▼

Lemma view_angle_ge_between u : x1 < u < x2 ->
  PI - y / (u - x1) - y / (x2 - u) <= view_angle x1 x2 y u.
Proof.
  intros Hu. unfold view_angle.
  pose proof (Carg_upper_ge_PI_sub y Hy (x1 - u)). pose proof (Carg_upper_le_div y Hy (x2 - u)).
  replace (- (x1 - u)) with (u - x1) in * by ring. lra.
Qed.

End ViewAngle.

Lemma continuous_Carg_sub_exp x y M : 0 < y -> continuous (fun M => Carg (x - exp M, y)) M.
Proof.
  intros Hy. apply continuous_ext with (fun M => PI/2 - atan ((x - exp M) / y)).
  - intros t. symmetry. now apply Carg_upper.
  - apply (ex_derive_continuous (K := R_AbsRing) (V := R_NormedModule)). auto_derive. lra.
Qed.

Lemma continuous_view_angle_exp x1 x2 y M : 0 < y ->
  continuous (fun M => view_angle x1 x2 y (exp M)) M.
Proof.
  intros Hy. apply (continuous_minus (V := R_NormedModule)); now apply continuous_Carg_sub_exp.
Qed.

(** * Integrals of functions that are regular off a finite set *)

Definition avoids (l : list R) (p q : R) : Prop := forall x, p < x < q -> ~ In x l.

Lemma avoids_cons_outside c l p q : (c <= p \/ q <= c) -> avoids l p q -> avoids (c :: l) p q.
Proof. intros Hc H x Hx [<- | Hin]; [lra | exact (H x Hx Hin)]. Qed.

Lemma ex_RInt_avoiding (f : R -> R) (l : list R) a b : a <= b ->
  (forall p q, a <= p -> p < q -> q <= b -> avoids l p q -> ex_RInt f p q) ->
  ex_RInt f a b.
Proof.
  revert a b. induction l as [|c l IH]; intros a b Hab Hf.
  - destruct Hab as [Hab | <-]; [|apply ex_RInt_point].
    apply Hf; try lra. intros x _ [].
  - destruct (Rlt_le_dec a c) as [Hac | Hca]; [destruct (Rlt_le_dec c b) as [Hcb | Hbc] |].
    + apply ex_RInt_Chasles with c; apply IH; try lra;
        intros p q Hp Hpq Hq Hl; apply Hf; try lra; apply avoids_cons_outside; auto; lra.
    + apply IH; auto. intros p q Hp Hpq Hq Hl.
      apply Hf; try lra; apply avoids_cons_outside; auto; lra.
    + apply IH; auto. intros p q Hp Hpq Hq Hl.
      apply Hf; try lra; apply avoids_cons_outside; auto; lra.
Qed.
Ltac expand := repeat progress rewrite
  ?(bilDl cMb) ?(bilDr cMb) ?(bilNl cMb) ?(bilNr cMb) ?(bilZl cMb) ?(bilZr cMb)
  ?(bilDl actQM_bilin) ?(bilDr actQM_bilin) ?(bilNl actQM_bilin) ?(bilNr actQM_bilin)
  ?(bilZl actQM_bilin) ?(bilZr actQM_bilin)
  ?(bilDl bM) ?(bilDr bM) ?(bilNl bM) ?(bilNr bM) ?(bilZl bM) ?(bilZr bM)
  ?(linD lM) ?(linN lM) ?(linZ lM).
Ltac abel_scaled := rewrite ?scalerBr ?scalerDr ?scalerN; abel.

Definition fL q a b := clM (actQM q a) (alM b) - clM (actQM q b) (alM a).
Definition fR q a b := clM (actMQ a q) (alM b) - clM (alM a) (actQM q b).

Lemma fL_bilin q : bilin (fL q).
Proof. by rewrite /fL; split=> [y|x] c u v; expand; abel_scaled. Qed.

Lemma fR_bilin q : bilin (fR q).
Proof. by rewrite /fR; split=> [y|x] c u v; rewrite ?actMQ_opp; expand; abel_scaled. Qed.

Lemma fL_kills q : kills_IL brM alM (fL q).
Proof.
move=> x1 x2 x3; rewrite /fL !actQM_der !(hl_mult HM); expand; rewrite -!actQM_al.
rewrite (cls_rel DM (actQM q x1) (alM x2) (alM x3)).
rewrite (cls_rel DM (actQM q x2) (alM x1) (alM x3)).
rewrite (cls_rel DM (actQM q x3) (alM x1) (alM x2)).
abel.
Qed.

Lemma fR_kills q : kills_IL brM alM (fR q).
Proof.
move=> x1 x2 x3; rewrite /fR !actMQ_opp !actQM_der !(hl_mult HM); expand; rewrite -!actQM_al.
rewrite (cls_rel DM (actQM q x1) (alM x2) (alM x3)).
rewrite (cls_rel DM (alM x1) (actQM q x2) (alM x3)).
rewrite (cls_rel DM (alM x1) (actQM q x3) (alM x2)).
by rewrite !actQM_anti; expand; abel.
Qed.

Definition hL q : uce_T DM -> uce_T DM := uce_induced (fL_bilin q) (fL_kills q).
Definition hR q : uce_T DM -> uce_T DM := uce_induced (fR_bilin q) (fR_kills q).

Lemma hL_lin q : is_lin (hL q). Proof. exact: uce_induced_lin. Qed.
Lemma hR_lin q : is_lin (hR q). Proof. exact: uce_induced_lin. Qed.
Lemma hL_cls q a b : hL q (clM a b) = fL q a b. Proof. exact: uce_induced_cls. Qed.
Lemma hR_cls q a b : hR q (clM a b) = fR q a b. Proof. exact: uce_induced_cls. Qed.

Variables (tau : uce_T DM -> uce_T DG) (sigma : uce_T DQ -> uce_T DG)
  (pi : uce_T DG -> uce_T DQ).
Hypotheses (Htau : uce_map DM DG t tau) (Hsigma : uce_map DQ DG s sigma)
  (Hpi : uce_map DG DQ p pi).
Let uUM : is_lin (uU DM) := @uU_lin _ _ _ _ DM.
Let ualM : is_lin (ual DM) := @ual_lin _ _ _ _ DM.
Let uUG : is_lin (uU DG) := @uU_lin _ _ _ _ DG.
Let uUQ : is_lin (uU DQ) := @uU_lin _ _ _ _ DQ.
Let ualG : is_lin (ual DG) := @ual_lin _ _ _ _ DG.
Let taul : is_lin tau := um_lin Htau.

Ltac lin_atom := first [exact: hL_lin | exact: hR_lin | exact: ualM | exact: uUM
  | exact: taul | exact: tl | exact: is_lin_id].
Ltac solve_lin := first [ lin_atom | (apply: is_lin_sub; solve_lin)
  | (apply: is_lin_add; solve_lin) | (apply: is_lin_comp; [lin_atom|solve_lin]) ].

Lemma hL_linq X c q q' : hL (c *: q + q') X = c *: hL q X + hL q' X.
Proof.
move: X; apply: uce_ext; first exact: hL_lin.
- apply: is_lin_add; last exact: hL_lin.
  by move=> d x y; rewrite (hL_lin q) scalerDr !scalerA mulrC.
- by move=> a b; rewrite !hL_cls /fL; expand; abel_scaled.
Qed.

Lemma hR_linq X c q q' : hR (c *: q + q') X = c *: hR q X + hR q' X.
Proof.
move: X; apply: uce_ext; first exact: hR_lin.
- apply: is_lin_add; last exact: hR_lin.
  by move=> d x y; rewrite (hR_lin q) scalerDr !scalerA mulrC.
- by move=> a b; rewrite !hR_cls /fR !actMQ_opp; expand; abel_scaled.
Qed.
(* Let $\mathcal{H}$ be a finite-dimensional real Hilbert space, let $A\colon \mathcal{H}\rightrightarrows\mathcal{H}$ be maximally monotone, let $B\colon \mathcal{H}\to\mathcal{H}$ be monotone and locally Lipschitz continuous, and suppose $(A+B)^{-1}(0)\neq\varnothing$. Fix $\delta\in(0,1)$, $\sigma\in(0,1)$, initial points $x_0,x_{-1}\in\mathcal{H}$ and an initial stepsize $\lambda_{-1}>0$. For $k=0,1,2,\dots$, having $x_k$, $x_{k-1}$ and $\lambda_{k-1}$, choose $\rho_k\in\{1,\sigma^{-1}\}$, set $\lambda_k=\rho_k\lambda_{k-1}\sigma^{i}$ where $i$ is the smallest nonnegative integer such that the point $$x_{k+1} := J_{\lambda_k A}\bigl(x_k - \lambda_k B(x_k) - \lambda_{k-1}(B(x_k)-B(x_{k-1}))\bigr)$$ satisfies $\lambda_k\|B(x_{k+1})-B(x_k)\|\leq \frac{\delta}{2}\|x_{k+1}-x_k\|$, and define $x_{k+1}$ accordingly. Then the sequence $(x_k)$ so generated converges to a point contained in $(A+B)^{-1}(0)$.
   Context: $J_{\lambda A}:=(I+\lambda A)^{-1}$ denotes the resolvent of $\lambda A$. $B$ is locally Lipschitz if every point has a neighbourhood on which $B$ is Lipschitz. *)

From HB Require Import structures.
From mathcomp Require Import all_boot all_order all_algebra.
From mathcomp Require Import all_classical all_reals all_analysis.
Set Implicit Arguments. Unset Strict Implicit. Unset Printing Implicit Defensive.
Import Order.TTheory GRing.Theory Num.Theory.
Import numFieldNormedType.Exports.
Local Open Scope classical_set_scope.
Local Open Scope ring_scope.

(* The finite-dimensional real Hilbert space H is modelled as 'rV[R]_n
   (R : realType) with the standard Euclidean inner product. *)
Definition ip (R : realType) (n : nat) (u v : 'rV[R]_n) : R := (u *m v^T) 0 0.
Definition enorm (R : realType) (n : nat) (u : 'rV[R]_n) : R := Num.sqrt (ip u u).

▲

* **EXERCISE**:
Retype exactly the lines from the first line of the records above through the line containing "End ViewAngle.", both included, and nothing else.

* **EXPECTED OUTPUT**:
Lemma view_angle_ge_between u : x1 < u < x2 ->
  PI - y / (u - x1) - y / (x2 - u) <= view_angle x1 x2 y u.
Proof.
  intros Hu. unfold view_angle.
  pose proof (Carg_upper_ge_PI_sub y Hy (x1 - u)). pose proof (Carg_upper_le_div y Hy (x2 - u)).
  replace (- (x1 - u)) with (u - x1) in * by ring. lra.
Qed.

End ViewAngle.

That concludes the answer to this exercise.